Saved entries
····················
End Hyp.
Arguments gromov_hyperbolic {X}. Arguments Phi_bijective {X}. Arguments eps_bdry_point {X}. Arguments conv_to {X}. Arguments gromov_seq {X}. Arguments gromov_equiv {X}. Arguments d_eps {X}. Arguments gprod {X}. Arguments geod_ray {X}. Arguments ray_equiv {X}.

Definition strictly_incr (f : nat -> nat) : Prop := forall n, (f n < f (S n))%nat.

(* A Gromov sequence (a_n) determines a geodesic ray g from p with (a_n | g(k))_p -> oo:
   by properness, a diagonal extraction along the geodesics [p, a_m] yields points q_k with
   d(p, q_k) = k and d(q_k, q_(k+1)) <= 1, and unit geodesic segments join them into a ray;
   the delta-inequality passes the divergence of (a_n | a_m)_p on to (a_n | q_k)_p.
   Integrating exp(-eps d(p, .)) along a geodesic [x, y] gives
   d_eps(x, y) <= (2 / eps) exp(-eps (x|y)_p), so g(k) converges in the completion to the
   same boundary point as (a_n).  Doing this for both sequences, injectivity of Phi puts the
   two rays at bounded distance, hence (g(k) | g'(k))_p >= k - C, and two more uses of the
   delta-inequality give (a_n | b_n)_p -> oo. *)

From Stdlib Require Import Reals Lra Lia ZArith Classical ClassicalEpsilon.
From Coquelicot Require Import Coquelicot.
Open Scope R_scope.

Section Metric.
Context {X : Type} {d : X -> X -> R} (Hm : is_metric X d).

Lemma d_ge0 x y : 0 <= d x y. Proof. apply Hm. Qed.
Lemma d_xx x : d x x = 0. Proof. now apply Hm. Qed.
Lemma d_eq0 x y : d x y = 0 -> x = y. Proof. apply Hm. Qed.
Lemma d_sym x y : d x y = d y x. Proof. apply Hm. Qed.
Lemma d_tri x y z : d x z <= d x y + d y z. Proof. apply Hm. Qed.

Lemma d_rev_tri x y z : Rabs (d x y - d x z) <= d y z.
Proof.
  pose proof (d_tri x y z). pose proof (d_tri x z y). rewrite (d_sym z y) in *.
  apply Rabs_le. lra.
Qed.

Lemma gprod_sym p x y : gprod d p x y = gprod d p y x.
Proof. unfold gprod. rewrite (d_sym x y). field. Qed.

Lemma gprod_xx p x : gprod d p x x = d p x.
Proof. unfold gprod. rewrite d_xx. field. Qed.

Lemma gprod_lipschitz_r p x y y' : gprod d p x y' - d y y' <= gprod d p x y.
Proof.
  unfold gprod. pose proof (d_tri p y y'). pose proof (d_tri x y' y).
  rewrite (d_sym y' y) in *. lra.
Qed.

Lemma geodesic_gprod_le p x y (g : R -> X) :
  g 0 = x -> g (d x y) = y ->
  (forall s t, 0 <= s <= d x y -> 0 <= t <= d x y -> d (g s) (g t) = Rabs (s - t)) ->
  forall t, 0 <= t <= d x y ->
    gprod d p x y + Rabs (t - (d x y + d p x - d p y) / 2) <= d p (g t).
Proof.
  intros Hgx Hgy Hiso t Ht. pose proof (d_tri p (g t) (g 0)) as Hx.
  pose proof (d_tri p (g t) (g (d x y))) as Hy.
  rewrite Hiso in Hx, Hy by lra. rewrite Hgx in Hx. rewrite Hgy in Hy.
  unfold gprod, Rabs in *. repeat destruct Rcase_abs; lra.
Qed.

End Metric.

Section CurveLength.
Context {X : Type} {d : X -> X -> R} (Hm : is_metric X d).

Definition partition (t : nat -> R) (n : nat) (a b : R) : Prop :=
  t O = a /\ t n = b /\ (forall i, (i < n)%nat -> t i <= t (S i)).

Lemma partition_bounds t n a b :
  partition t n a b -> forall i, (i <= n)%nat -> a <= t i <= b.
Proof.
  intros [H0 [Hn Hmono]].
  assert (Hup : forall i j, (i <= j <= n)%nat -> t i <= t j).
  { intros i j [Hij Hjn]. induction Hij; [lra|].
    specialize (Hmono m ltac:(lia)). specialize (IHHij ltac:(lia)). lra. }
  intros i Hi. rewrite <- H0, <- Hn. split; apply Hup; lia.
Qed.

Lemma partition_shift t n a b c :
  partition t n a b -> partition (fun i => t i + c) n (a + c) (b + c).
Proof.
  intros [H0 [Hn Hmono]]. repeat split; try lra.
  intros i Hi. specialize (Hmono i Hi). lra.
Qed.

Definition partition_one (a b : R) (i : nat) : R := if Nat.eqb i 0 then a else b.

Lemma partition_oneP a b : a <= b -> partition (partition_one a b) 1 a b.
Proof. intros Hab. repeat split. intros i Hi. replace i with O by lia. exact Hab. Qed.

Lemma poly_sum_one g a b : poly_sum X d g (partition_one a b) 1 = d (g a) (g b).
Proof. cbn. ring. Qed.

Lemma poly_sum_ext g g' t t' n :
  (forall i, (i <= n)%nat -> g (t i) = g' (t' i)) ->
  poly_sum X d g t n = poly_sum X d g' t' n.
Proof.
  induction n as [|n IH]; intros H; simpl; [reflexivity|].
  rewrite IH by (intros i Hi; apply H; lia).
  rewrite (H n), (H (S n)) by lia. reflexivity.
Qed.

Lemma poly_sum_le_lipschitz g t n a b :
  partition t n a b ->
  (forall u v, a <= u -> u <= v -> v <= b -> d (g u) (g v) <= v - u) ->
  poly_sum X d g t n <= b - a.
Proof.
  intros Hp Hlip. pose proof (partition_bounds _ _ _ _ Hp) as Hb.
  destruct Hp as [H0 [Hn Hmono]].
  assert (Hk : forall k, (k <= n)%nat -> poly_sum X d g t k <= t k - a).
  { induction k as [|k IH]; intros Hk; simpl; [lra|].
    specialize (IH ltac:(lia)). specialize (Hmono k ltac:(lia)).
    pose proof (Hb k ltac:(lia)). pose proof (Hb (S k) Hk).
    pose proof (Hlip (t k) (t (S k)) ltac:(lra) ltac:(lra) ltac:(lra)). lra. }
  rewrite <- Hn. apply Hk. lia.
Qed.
····················
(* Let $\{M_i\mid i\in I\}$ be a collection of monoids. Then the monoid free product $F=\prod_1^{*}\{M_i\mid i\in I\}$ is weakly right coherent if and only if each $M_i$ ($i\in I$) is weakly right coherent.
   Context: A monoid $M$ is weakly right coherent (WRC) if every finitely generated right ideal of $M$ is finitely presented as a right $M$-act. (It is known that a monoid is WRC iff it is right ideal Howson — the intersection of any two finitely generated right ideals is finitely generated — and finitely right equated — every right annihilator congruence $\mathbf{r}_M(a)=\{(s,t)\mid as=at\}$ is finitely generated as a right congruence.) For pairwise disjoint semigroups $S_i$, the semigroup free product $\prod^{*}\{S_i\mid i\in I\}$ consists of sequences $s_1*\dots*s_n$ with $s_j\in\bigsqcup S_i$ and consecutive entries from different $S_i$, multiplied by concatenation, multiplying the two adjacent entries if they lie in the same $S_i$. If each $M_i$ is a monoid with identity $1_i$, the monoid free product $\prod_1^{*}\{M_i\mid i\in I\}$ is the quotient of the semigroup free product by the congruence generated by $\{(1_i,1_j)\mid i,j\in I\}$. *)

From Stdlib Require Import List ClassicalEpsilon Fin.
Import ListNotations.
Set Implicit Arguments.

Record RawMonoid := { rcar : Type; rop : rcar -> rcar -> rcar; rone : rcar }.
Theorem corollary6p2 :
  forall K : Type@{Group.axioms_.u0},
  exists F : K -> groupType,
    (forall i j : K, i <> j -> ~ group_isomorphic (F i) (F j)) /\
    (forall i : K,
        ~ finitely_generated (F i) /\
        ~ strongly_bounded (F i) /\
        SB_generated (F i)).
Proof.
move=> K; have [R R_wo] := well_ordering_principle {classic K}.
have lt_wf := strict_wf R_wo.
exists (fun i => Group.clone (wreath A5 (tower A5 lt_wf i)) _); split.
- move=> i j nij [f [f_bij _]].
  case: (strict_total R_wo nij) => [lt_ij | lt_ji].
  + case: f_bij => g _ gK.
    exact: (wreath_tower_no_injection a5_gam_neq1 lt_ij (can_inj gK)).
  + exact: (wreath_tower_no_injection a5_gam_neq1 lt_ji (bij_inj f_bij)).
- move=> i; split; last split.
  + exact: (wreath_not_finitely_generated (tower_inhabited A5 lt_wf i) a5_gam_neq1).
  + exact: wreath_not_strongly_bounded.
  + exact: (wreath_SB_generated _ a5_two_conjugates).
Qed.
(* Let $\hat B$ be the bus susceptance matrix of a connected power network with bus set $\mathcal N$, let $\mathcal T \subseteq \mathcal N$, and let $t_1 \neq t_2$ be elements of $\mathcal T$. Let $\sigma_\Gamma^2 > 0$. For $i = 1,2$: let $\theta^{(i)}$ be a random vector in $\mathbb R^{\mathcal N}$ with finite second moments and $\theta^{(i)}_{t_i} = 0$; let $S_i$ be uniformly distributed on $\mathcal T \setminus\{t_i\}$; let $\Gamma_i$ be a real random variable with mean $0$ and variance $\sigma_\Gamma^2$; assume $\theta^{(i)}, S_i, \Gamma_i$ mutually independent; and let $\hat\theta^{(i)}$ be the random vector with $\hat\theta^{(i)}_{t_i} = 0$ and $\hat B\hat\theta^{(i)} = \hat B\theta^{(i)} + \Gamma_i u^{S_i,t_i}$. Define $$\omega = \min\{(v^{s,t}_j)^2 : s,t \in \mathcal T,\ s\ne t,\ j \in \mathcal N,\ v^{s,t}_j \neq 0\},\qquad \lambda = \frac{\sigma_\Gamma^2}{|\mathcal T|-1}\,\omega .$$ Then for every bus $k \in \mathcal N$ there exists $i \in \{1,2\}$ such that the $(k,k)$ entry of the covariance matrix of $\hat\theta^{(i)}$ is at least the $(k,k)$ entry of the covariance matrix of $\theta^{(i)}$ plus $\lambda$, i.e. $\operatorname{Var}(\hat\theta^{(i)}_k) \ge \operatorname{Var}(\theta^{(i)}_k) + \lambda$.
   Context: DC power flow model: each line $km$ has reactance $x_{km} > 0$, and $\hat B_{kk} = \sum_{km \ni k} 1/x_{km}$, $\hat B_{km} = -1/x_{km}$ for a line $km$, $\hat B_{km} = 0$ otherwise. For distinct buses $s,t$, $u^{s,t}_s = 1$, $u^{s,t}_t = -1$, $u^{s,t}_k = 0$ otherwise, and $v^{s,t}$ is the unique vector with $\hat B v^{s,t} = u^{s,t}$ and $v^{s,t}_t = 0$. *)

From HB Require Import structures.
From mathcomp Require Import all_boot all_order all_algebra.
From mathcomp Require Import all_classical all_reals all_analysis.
····················
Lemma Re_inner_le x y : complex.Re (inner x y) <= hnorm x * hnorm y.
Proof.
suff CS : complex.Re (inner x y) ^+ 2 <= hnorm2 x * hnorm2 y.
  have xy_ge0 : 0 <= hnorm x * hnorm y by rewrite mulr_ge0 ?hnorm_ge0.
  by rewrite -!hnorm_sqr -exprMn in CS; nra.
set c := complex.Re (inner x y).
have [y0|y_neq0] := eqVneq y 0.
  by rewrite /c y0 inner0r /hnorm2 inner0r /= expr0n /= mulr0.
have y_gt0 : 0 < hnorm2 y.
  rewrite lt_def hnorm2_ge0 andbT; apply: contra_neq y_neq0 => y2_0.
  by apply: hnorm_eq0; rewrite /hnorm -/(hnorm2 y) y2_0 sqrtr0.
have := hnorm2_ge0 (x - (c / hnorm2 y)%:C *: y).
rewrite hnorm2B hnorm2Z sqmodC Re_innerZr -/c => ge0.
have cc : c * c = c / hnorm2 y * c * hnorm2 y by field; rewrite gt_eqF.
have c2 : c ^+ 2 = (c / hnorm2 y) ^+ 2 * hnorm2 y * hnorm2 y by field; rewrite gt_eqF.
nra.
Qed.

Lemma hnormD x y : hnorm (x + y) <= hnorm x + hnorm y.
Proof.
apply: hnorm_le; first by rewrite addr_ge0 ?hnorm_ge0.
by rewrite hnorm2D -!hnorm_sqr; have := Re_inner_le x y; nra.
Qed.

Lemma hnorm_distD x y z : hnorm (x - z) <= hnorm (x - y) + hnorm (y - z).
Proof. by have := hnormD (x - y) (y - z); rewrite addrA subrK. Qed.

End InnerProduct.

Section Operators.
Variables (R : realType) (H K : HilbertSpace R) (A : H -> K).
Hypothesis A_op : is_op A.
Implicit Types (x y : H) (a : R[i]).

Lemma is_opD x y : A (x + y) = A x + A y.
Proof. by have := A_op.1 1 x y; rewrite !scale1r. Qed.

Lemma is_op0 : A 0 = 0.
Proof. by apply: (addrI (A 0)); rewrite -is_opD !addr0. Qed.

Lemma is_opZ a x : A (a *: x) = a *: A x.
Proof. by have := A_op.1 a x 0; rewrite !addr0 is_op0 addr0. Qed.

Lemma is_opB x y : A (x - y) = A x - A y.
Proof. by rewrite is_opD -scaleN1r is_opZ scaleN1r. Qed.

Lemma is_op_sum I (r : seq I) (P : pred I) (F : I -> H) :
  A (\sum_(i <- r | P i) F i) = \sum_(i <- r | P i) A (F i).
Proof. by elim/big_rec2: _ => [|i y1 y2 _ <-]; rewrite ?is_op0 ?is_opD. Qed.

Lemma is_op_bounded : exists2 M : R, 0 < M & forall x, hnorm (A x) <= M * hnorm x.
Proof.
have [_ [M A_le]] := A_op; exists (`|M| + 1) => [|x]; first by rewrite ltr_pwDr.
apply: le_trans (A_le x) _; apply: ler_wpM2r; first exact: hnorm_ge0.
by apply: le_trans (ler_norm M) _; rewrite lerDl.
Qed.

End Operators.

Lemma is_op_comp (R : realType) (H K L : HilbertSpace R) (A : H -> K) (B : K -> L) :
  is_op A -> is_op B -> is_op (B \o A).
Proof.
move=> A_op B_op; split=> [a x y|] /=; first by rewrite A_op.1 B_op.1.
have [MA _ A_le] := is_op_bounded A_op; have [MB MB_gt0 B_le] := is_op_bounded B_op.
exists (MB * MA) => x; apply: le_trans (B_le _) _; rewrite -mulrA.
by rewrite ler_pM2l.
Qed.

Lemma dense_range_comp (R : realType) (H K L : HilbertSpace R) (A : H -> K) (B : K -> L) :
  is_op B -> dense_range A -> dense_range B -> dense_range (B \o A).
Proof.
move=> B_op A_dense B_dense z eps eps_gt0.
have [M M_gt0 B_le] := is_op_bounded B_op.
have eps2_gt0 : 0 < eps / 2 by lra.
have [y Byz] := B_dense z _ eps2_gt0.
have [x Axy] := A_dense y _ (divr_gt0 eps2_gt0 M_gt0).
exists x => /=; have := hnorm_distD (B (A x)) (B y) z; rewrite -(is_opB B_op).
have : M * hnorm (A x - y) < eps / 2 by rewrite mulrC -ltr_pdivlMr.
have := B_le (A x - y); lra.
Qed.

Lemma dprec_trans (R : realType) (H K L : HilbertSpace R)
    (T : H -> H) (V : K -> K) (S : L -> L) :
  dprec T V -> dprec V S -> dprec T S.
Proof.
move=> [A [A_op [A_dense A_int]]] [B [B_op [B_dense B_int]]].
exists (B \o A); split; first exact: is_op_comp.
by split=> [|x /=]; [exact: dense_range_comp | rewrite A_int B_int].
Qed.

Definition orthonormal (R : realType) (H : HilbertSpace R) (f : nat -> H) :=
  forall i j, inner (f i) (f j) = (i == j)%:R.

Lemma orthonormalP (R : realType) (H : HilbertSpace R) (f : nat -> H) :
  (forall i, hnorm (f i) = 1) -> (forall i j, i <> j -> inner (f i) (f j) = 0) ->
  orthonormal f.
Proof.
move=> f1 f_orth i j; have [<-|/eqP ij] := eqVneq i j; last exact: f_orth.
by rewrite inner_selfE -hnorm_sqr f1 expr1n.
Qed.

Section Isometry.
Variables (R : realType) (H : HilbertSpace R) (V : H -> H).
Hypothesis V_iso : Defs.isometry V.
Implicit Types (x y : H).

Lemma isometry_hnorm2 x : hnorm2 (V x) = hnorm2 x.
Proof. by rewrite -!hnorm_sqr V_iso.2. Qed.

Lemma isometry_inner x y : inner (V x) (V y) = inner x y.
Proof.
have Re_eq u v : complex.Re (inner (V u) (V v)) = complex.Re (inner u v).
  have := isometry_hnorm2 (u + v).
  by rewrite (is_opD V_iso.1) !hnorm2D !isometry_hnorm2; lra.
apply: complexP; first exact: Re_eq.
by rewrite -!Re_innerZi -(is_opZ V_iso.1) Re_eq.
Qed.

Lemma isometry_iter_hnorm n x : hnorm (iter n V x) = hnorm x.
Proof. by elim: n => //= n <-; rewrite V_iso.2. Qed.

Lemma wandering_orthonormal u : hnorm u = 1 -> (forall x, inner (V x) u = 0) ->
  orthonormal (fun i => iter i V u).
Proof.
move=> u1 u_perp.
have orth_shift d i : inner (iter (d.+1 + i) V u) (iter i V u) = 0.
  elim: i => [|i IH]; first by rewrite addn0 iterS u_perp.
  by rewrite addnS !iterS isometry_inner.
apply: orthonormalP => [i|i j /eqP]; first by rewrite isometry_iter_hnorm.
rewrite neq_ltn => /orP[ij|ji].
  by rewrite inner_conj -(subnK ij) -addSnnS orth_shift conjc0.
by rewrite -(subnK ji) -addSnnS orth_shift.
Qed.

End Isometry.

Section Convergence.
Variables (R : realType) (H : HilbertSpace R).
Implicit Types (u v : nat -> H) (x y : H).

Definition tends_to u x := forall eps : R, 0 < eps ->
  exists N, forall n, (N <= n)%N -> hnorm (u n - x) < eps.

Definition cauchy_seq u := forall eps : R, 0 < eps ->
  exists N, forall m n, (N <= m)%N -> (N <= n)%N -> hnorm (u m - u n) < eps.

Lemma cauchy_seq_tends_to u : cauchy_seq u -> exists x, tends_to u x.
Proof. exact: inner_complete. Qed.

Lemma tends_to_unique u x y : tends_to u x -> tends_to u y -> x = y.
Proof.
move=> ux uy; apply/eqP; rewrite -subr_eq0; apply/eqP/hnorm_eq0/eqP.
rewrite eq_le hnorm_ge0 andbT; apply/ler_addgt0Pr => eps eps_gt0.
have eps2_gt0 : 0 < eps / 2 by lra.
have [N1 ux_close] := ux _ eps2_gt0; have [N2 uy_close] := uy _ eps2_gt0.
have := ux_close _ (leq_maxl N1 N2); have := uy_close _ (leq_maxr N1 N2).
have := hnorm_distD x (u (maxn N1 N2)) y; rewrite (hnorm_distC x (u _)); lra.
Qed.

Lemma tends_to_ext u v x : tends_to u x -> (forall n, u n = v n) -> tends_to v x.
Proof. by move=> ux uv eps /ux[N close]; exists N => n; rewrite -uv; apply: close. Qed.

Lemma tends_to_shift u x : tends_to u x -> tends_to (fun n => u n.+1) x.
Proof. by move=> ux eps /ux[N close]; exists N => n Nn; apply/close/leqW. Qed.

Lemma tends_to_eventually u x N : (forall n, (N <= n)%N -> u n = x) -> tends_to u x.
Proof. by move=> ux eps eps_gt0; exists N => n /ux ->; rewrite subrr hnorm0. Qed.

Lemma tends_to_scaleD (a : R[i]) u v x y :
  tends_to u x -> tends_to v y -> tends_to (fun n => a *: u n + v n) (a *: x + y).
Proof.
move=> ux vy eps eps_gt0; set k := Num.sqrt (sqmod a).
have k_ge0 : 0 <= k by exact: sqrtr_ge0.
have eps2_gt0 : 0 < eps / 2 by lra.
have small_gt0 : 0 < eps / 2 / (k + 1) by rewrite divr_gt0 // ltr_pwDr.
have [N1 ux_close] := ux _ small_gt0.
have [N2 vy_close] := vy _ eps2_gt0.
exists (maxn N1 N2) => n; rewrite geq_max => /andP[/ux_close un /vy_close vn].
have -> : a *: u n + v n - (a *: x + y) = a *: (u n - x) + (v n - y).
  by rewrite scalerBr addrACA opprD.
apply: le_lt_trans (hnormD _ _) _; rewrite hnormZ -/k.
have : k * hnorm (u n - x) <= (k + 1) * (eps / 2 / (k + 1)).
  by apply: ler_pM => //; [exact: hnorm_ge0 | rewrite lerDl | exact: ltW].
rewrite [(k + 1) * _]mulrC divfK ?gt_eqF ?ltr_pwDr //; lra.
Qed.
····················
Instructions for the task :: From the records above, repeat exactly the lines from the one with "have := ux_close" through the one with "Proof. by move=> ux uv", both included.

Expected answer ::
have := ux_close _ (leq_maxl N1 N2); have := uy_close _ (leq_maxr N1 N2).
have := hnorm_distD x (u (maxn N1 N2)) y; rewrite (hnorm_distC x (u _)); lra.
Qed.

Lemma tends_to_ext u v x : tends_to u x -> (forall n, u n = v n) -> tends_to v x.
Proof. by move=> ux uv eps /ux[N close]; exists N => n; rewrite -uv; apply: close. Qed.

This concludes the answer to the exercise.